## Aim of the exercise
Among the records that follow, find the line with "intros HM HMc v. specialize (HMc v)." and the line with "Lemma Cmod_cdot_le n". Set down those lines and all lines between them exactly, without adding anything.

## Records provided
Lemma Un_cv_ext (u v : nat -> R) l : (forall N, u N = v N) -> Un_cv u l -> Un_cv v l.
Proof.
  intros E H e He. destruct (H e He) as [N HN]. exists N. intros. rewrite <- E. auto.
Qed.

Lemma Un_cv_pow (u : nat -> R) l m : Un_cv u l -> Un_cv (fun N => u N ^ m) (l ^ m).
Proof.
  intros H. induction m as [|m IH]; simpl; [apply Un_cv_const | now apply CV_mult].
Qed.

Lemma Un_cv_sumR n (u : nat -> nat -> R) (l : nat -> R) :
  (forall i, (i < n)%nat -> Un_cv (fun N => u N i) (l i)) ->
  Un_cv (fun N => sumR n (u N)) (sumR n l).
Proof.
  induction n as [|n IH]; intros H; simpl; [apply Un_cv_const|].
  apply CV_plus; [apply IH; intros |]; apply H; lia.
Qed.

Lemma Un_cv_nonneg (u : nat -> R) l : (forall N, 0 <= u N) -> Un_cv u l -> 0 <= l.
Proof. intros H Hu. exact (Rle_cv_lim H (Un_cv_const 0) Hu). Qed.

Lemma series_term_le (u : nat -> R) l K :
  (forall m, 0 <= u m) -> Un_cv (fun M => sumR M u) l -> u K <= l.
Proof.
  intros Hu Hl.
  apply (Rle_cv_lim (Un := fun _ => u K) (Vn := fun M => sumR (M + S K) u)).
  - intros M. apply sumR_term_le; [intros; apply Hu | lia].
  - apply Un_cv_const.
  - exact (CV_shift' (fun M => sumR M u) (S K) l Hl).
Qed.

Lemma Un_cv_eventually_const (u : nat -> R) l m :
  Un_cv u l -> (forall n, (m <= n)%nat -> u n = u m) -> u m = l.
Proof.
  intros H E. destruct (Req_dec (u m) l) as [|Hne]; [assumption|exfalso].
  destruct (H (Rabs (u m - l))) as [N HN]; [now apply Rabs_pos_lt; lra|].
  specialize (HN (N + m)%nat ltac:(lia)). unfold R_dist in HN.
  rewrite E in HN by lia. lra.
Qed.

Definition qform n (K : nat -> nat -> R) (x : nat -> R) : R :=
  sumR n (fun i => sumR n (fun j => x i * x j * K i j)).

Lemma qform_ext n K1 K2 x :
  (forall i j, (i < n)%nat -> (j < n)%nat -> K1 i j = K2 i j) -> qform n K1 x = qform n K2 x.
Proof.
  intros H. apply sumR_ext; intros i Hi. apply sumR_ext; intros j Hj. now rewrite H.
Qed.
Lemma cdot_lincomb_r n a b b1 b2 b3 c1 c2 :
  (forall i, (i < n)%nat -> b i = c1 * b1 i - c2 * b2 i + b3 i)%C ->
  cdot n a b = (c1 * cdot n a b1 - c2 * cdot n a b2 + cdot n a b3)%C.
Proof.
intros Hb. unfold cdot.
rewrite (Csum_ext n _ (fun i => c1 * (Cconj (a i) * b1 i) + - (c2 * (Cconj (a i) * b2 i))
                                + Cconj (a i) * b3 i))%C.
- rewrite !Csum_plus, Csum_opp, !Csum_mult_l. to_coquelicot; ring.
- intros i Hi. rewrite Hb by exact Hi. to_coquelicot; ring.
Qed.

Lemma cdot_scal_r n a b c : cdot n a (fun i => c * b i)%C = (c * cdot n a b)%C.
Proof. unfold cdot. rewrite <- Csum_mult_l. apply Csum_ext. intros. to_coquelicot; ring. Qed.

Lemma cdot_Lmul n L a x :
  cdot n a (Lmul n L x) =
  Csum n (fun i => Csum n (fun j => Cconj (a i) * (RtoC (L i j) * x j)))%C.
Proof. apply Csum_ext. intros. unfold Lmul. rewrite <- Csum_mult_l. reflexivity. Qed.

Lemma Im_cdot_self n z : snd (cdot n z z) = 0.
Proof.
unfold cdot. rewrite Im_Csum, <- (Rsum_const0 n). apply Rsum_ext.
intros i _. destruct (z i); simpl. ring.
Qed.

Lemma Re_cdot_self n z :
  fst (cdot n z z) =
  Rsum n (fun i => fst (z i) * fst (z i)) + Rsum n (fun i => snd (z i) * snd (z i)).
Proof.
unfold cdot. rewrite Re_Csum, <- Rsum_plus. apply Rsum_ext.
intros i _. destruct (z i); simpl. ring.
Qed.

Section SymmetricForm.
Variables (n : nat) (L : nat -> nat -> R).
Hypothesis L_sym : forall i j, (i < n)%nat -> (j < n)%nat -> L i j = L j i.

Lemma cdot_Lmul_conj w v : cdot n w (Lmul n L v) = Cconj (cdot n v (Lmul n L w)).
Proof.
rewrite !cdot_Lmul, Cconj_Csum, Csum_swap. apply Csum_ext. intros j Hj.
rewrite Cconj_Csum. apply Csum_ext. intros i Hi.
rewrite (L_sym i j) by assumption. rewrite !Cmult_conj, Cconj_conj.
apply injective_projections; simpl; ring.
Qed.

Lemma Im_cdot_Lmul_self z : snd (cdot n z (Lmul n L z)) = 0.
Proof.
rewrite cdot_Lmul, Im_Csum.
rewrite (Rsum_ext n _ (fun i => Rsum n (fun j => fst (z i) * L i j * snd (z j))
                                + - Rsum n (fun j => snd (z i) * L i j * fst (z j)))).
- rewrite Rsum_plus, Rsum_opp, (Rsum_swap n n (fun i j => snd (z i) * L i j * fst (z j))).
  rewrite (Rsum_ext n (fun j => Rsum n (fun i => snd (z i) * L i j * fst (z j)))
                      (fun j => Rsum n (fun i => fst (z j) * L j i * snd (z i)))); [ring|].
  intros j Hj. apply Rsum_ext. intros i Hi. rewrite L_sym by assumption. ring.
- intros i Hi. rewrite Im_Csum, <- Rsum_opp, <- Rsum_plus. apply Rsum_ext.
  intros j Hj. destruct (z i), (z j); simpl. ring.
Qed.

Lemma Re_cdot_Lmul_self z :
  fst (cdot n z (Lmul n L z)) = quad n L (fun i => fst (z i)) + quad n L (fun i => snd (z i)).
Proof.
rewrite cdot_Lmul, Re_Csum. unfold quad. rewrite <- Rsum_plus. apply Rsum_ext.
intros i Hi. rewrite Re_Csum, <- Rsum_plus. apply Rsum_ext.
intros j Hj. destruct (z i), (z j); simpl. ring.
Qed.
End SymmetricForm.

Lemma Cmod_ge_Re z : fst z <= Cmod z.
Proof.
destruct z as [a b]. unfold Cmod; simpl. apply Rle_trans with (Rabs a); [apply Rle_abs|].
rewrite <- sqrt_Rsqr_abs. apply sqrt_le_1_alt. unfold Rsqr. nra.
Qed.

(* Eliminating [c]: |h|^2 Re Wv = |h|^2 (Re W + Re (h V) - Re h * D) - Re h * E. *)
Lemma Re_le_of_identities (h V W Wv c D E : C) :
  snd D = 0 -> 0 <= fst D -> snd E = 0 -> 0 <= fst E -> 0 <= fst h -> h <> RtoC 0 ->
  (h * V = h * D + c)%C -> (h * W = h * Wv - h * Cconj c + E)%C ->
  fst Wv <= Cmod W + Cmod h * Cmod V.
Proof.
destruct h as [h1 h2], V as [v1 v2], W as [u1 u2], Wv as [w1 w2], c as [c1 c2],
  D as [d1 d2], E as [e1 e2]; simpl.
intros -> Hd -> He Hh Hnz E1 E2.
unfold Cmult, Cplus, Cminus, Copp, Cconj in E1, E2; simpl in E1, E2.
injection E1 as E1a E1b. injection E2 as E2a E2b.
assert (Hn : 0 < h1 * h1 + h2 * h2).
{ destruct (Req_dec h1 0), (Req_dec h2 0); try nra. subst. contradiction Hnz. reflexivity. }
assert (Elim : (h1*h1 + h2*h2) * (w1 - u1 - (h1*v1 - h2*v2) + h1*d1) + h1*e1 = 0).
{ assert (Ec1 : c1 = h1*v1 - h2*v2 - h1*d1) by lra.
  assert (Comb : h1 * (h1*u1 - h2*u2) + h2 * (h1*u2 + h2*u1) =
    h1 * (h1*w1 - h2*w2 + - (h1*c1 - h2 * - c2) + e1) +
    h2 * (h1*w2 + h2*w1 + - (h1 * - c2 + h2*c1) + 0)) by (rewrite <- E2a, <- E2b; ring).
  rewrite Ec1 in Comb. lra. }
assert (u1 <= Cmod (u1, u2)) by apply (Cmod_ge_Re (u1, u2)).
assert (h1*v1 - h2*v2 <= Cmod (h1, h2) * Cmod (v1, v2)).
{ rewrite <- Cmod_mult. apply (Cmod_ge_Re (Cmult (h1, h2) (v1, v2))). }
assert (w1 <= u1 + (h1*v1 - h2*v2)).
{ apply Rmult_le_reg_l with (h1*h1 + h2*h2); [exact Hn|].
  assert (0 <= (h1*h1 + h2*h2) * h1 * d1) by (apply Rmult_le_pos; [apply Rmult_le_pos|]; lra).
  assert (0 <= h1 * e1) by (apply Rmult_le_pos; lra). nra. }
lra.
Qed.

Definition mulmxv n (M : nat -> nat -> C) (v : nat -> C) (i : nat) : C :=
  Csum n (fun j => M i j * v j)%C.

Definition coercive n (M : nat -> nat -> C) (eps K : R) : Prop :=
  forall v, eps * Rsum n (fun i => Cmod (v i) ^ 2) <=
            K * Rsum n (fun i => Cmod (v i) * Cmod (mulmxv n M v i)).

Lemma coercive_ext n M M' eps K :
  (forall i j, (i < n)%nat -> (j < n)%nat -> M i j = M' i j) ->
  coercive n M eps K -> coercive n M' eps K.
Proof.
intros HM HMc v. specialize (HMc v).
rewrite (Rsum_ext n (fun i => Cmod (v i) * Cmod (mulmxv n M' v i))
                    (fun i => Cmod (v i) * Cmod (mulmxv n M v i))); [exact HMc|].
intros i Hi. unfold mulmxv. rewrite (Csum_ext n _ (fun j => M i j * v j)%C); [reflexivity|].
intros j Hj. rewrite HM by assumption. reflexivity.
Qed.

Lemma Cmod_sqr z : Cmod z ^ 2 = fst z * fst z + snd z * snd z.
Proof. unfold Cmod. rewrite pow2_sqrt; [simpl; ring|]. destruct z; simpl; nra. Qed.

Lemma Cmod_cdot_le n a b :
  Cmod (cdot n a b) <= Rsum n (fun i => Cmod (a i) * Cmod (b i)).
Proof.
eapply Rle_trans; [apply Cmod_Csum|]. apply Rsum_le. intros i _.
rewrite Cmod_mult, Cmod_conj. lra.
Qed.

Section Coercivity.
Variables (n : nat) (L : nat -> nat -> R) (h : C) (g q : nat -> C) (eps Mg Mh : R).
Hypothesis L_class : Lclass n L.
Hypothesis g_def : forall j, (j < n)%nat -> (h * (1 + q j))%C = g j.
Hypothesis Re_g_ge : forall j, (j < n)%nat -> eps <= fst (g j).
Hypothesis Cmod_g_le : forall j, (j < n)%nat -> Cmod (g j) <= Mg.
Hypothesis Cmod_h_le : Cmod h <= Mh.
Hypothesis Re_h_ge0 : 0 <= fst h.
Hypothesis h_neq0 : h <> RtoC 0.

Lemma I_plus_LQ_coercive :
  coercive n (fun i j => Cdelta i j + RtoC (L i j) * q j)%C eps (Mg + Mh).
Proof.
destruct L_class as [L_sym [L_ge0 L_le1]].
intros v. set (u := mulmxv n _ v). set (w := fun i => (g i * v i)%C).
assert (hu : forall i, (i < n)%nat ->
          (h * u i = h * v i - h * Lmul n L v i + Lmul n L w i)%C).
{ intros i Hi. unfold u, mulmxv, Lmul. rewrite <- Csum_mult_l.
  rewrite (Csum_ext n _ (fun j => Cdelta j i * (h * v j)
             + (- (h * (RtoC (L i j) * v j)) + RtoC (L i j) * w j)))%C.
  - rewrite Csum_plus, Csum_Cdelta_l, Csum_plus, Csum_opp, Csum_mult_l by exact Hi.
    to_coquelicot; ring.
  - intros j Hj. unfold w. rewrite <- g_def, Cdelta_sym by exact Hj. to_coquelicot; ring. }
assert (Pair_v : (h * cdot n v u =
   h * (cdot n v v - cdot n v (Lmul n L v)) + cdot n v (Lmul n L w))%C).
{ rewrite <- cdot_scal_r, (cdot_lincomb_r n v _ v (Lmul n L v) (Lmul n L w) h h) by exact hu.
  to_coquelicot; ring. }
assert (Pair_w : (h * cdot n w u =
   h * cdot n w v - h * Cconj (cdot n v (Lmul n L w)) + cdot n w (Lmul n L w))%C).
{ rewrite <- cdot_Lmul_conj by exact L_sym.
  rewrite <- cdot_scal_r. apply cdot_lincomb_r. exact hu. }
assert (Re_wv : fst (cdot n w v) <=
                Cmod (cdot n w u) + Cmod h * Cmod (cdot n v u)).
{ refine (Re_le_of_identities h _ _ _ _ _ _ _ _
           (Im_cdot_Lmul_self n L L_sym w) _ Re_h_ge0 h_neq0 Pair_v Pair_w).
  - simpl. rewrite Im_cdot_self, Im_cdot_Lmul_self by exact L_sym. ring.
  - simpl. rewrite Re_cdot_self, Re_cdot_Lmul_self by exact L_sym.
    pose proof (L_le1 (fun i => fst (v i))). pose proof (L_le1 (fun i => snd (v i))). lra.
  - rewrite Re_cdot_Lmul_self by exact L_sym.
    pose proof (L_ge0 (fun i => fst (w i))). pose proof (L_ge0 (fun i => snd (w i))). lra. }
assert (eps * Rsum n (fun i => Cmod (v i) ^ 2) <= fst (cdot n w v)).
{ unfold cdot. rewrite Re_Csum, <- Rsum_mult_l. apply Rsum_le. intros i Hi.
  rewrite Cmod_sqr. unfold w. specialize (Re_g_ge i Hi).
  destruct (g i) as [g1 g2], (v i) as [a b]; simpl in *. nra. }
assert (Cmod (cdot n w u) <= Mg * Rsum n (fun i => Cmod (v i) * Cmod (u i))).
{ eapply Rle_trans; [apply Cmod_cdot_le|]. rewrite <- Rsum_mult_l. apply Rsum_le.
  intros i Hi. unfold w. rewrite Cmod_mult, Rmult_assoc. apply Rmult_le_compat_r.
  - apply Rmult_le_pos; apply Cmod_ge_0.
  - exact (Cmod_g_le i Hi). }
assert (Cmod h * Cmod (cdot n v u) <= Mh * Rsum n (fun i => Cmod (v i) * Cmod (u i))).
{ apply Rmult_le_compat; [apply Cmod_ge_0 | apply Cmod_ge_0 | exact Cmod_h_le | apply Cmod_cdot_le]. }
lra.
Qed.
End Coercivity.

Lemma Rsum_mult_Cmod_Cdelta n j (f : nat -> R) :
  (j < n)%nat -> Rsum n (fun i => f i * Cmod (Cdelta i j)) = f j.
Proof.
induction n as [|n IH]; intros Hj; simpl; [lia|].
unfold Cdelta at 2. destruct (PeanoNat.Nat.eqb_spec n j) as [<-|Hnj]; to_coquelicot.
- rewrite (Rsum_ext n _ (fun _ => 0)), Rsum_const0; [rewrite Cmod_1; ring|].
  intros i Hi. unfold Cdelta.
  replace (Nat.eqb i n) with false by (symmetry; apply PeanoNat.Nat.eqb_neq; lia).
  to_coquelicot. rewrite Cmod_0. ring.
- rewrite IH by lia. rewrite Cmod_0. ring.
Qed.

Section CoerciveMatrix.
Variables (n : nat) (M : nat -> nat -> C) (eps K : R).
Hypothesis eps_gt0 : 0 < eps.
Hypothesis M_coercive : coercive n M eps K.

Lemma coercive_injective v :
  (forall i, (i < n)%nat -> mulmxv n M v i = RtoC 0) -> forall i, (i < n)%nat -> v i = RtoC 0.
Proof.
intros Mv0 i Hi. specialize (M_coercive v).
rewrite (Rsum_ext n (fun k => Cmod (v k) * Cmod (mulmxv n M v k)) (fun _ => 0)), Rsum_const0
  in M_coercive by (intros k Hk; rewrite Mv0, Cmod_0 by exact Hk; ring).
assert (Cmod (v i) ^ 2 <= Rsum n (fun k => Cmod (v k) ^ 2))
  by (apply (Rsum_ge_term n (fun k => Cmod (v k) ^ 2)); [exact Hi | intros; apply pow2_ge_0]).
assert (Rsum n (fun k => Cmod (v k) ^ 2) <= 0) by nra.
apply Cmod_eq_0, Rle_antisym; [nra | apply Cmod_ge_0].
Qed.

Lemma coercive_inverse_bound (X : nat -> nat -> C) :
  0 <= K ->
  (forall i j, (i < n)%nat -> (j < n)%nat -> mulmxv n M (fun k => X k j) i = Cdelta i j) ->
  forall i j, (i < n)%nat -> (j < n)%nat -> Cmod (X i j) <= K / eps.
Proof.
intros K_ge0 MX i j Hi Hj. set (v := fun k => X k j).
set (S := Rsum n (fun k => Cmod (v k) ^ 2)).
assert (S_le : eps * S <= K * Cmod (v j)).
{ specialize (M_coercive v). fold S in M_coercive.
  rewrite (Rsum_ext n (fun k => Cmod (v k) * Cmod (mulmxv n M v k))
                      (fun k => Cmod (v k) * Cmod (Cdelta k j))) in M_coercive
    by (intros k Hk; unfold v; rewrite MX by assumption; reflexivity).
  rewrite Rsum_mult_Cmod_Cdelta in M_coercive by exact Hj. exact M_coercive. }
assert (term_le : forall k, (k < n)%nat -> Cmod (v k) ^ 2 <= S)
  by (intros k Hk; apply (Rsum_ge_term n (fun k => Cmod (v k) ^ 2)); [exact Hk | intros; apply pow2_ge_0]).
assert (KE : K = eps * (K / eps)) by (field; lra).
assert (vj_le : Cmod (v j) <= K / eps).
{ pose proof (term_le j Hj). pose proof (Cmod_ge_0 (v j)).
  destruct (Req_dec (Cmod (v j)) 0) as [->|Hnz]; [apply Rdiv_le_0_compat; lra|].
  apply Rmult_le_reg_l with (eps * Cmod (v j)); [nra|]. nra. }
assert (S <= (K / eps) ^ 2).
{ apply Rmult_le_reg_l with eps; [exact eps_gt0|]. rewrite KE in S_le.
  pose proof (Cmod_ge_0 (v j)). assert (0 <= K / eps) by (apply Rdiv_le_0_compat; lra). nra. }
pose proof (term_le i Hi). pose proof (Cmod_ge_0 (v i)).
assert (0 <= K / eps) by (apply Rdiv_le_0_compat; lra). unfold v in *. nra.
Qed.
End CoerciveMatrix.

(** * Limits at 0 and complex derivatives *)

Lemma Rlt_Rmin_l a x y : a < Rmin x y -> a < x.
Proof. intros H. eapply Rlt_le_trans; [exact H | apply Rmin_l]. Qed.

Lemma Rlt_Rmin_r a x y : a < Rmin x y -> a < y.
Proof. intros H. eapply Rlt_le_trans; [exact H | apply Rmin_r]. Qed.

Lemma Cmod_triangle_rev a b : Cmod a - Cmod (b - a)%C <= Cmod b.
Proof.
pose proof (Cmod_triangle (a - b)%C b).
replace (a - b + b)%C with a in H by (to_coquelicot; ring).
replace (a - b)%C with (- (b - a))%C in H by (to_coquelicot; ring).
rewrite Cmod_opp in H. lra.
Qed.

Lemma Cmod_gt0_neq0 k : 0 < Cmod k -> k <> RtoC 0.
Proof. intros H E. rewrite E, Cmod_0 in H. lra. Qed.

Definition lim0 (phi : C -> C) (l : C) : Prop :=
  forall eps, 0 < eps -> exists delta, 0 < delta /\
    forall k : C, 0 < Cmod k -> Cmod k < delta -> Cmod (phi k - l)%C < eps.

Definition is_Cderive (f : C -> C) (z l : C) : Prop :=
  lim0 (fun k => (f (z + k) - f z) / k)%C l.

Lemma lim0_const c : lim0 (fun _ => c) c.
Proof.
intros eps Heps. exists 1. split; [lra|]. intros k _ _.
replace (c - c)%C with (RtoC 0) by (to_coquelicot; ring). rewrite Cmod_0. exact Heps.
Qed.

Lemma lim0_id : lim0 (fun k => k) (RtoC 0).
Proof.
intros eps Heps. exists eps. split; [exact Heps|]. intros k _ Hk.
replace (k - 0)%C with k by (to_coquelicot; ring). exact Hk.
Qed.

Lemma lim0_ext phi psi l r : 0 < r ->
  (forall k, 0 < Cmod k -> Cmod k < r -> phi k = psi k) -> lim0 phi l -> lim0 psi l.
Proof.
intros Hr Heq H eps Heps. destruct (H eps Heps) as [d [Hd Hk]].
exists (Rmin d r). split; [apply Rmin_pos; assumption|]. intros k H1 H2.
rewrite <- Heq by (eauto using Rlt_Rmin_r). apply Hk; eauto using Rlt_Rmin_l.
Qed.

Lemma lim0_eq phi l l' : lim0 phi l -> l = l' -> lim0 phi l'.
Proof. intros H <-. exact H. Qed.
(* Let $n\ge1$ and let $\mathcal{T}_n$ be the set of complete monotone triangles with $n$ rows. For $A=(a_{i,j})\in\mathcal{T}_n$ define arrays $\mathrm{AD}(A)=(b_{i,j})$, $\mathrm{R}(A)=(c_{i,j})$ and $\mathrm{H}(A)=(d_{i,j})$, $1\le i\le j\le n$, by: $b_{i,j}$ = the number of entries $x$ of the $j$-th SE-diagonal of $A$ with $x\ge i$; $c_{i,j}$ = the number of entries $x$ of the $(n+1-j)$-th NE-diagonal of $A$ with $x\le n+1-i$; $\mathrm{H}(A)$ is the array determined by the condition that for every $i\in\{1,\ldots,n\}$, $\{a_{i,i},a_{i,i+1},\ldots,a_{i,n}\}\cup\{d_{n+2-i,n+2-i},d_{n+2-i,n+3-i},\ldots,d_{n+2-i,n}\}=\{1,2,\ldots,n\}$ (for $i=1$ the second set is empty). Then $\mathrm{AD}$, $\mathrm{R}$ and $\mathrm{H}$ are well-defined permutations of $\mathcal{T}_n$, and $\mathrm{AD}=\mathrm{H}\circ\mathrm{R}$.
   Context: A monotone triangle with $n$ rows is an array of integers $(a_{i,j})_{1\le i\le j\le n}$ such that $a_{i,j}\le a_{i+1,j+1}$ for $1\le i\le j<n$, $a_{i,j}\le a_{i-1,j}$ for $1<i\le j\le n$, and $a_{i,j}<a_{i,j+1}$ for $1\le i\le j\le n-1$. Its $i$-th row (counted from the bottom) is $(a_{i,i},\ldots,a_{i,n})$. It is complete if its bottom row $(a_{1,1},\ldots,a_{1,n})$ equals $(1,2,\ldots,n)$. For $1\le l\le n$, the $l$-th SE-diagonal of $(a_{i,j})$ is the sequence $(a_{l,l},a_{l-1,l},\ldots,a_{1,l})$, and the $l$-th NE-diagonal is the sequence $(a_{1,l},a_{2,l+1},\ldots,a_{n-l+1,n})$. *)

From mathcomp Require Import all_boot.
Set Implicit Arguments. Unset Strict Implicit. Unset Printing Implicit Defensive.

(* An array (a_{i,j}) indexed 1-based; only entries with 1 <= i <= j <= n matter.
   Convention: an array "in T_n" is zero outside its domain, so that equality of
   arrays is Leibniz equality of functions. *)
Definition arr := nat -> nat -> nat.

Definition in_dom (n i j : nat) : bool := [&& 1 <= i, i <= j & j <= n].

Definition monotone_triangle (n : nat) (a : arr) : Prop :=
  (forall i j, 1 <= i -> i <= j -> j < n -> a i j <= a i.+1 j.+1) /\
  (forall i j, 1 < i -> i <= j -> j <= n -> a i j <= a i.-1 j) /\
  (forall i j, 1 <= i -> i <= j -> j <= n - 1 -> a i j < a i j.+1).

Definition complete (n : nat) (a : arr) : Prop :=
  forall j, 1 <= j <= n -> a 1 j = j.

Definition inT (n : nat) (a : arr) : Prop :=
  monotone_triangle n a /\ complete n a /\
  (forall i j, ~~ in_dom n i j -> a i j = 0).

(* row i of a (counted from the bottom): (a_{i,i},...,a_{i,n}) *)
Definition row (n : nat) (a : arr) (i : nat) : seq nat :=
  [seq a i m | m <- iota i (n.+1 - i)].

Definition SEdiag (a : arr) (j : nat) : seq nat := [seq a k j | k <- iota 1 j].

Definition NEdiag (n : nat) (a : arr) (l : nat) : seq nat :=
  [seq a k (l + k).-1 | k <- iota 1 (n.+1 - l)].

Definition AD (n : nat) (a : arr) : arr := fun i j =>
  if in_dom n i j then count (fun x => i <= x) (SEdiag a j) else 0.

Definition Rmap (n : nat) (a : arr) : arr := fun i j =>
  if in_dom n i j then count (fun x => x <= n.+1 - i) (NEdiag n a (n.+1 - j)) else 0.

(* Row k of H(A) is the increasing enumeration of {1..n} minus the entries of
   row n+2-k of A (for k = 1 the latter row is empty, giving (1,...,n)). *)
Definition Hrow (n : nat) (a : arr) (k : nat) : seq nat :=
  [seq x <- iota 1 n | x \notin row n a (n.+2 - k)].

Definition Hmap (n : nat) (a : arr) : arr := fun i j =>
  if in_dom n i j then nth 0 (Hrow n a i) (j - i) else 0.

## Written answer
intros HM HMc v. specialize (HMc v).
rewrite (Rsum_ext n (fun i => Cmod (v i) * Cmod (mulmxv n M' v i))
                    (fun i => Cmod (v i) * Cmod (mulmxv n M v i))); [exact HMc|].
intros i Hi. unfold mulmxv. rewrite (Csum_ext n _ (fun j => M i j * v j)%C); [reflexivity|].
intros j Hj. rewrite HM by assumption. reflexivity.
Qed.

Lemma Cmod_sqr z : Cmod z ^ 2 = fst z * fst z + snd z * snd z.
Proof. unfold Cmod. rewrite pow2_sqrt; [simpl; ring|]. destruct z; simpl; nra. Qed.

Lemma Cmod_cdot_le n a b :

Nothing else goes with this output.